A peça de teatro infantojuvenil ‘’O Melro Branco’’, aborda subtilmente uma das temáticas mais discutidas atualmente, a discriminação.
A história inicia-se com o nascimento insólito de um melro branco, quando o comum, é os melros serem pretos. O seu pai, ‘’Papa Melro’’, rejeita-o, com medo e vergonha do que os outros melros possam pensar ou julgar (‘’Papa Melro: Uma desonra para a minha família! Se o meu tratamelro levantasse a cabeça! Onde vamos parar, já não se respeita nada! Um melro branco, que dirão os vizinhos?’’).
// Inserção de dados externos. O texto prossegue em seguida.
Lemma in_blockP (b : PBlock U) (x y : 'I_(pb_size b).+1) : in_block b x y = ((x, y) \in pb_diag b).
Proof.
apply/existsP/idP => [[p /andP[pin /andP[/eqP e1 /eqP e2]]]|h]; last by exists (x, y); rewrite h !eqxx.
have -> : (x, y) = p by case: p pin e1 e2 => p1 p2 /= _ e1 e2; congr pair; apply: val_inj.
exact: pin.
Qed.

Lemma in_block_diag (b : PBlock U) x y : ptolemy_poly (pb_diag b) -> in_block b x y -> is_diag (pb_size b) x y.
Proof.
move=> [H1 _] /existsP [p /and3P[pin /eqP e1 /eqP e2]]; subst x y; exact: (H1 p pin).
Qed.

Lemma in_block_ptolemy (b : PBlock U) i r j l x y : ptolemy_poly (pb_diag b) -> i < r -> r < j -> j < l ->
  in_block b i j -> in_block b r l -> x \in [:: i; j; r; l] -> y \in [:: i; j; r; l] ->
  is_diag (pb_size b) x y -> in_block b x y.
Proof.
move=> [_ H2] h1 h2 h3 /existsP [p /andP[pin /andP[/eqP ep1 /eqP ep2]]]
  /existsP [q /andP[qin /andP[/eqP eq1 /eqP eq2]]].
subst i j r l => hx hy hd.
have: x \in map val [:: p.1; p.2; q.1; q.2] by [].
case/mapP => X hX ex; subst x.
have: y \in map val [:: p.1; p.2; q.1; q.2] by [].
case/mapP => Y hY eY; subst y.
rewrite in_blockP; apply: (H2 p q) => //.
by rewrite /crossn h1 h2 h3.
Qed.

Lemma lin_arcs_arc s a b : (forall b, List.In b s -> block_ok b) -> lin_arcs s a b -> a.+1 < b.
Proof.
elim: s a b => //= blk s IH a b hv
  /orP[/and3P[h1 h2 /orP[/(in_block_diag (proj2 (hv _ (or_introl erefl))))|/and3P[/eqP -> /eqP -> h]]]|/andP[h1 /IH]].
- by rewrite /is_diag => /and3P[].
- by [].
- move=> H; have := H (fun b hb => hv b (or_intror hb)); lia.
Qed.

(* The linear diagram of valid blocks is Ptolemy: two crossing arcs always lie
   in the same block, whose own Ptolemy condition applies. *)
Lemma lin_arcs_ptolemy s W : (forall b, List.In b s -> block_ok b) -> lin_ptolemy (lin_arcs s) W.
Proof.
elim: s W => [|blk s IH] W hv i r j l h1 h2 h3 h4 //=.
have [k0 hpt] := hv _ (or_introl erefl).
have hv' : forall b, List.In b s -> block_ok b by move=> b hb; apply: hv; right.
set k := pb_size blk in k0 *.
move=> /orP[/and3P[_ hjk hij]|/andP[hki hij]] /orP[/and3P[_ hlk hrl]|/andP[hkr hrl]] x y hx hy hxy.
- have xk : x <= k by move: hx; rewrite !inE => /or4P[] /eqP ->; lia.
  have yk : y <= k by move: hy; rewrite !inE => /or4P[] /eqP ->; lia.
  have dij : in_block blk i j by case/orP: hij => // /and3P[_ /eqP]; lia.
  have drl : in_block blk r l by case/orP: hrl => // /and3P[/eqP]; lia.
  apply/orP; left; rewrite yk (_ : x < y) /=; last lia.
  case hd: (is_diag k x y); first by rewrite (in_block_ptolemy hpt h1 h2 h3 dij drl hx hy hd).
  move: hd; rewrite /is_diag; have -> : x < y by lia. have -> : x.+2 <= y by lia.
  rewrite /= => /negbFE /andP[/eqP -> /eqP ->]; rewrite !eqxx /=; lia.
- lia.
- lia.
- have xk : k <= x by move: hx; rewrite !inE => /or4P[] /eqP ->; lia.
  have yk : k <= y by move: hy; rewrite !inE => /or4P[] /eqP ->; lia.
  apply/orP; right; rewrite xk /=.
  apply: (IH W hv' (i - k) (r - k) (j - k) (l - k)) => //; try lia.
  + exact: (map_f (subn^~ k) hx).
  + exact: (map_f (subn^~ k) hy).
Qed.

Lemma block_of_eq (b : PBlock U) Y lab : ptolemy_poly (pb_diag b) ->
  (forall x y, x < y <= pb_size b -> is_diag (pb_size b) x y -> Y x y = in_block b x y) ->
  mkseq lab (pb_size b) = val (pb_lab b) -> block_of Y lab (pb_size b) = b.
Proof.
case: b => k L D /= [H1 _] HY HL; rewrite /block_of.
have -> : [set p : 'I_k.+1 * 'I_k.+1 | is_diag k p.1 p.2 && Y p.1 p.2] = D.
  apply/setP => -[x y]; rewrite inE /=.
  case hd: (is_diag k x y) => /=.
  - rewrite HY //; last by move: hd; rewrite /is_diag => /and3P[-> _ _]; rewrite -ltnS ltn_ord.
    exact: (@in_blockP (PBlockMk L D) x y).
  - by apply/esym/negbTE/negP => /H1 /=; rewrite hd.
congr PBlockMk; exact: val_inj.
Qed.

Lemma mkseqD (f : nat -> U) m k : mkseq f (m + k) = mkseq f m ++ mkseq (fun i => f (i + m)) k.
Proof.
apply: (@eq_from_nth _ (f 0)); first by rewrite size_cat !size_mkseq.
move=> i; rewrite size_mkseq => hi; rewrite nth_cat size_mkseq nth_mkseq //.
case: (ltnP i m) => h; first by rewrite nth_mkseq.
rewrite nth_mkseq ?subnK //; lia.
Qed.

Lemma labels_split Y lab W : labels (split_blocks Y lab W) = mkseq lab W.
Proof.
move: {2}W (leqnn W) => m hm; elim: m W hm Y lab => [|m IH] W hm Y lab.
  by have -> : W = 0 by lia.
case: (posnP W) => W0; first by subst W.
rewrite split_blocks_unfold //.
have [k0 kW _ _] := first_cut_spec Y W0.
set k := first_cut Y W in k0 kW *.
have -> : labels (block_of Y lab k :: split_blocks (shift_rel Y k) (shift_lab lab k) (W - k))
  = mkseq lab k ++ labels (split_blocks (shift_rel Y k) (shift_lab lab k) (W - k)) by [].
by rewrite IH -?mkseqD ?subnKC //; lia.
Qed.

Lemma total_size_split Y lab W : total_size (split_blocks Y lab W) = W.
Proof. by rewrite total_size_labels labels_split size_mkseq. Qed.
O Melro Branco, perante insultuosas afirmações, decide partir em busca da sua identidade. No decorrer da sua jornada, depara-se com uma gaivota, uma caturra, um abutre, um flamingo e, por fim, uma pomba. Todos estes animais tinham apenas um ponto em comum: o facto de serem brancos. O pequeno Melro descobriu que não tinha nada a ver com estes animais, pois tinham comportamentos e formas de viver completamente diferentes. À medida que o tempo passava ficava cada vez mais triste por não saber onde era o seu verdadeiro lugar.
Um dia, o Papa Melro ouve um anúncio na rádio a oferecer um grande banquete para quem encontrasse o raríssimo melro branco. A princípio fica chocado com tal notícia, porém reflete no prémio em causa e decide ir à procura do seu filho. Mais tarde, ambos se encontram e o Papa Melro, num tom aparentemente arrependido, pede desculpa ao seu filho e pede para ele voltar para casa. Acrescenta ainda que enquanto estiveram longe refletiu sobre as suas ações e reconheceu que estava errado. O Melro Branco, numa primeira fase, permanece confuso com a aceitação repentina do seu pai, mas logo de seguida fica feliz pela sua busca pessoal ter chegado ao fim e perdoa o Papa Melro.
‘’O Melro Branco’’ apresenta diversas semelhanças com o ‘’Patinho Feio’’ e tantos outros contos e histórias que são inspiradas nos comportamentos da nossa sociedade cada vez mais inabitável. Esta peça tem como principal objetivo criticar e alertar as pessoas para que não cometam os mesmos erros do Papa Melro.
A discriminação é um problema contemporâneo numa sociedade que reivindica todas as formas de igualdade e de equidade.  Para que esta violação dos diretos humanos um dia chegue ao fim é necessário começar por consciencializar os mais novos, que vivem num mundo cada vez mais global onde a emigração é cada vez mais frequente, agora mais do que nunca é urgente que as crianças respeitem outras etnias, religiões, cor de pele.
A luta pela igualdade não tem de partir só das crianças ou jovens, mas também dos seus pais e encarregados de educação que são responsáveis por transmitir tais valores de aceitação e tolerância, para que discursos de ódio camuflados com aquilo que é o politicamente correto não predominem. É importante incutir o maior número de informação às gerações mais novas, para que apurem o seu sentido crítico e lutem por estas importantes causas.
Os jovens são o futuro, para que não volte a reinar um Hitler ou um Kim Jong-Un, para que se evite uma terceira guerra mundial ou guerras civis é de extrema pertinência que peças de teatro como ‘’O Melro Branco’’ e outras tantas histórias continuem a ser exibidas e transmitidas a todas as faixas etárias.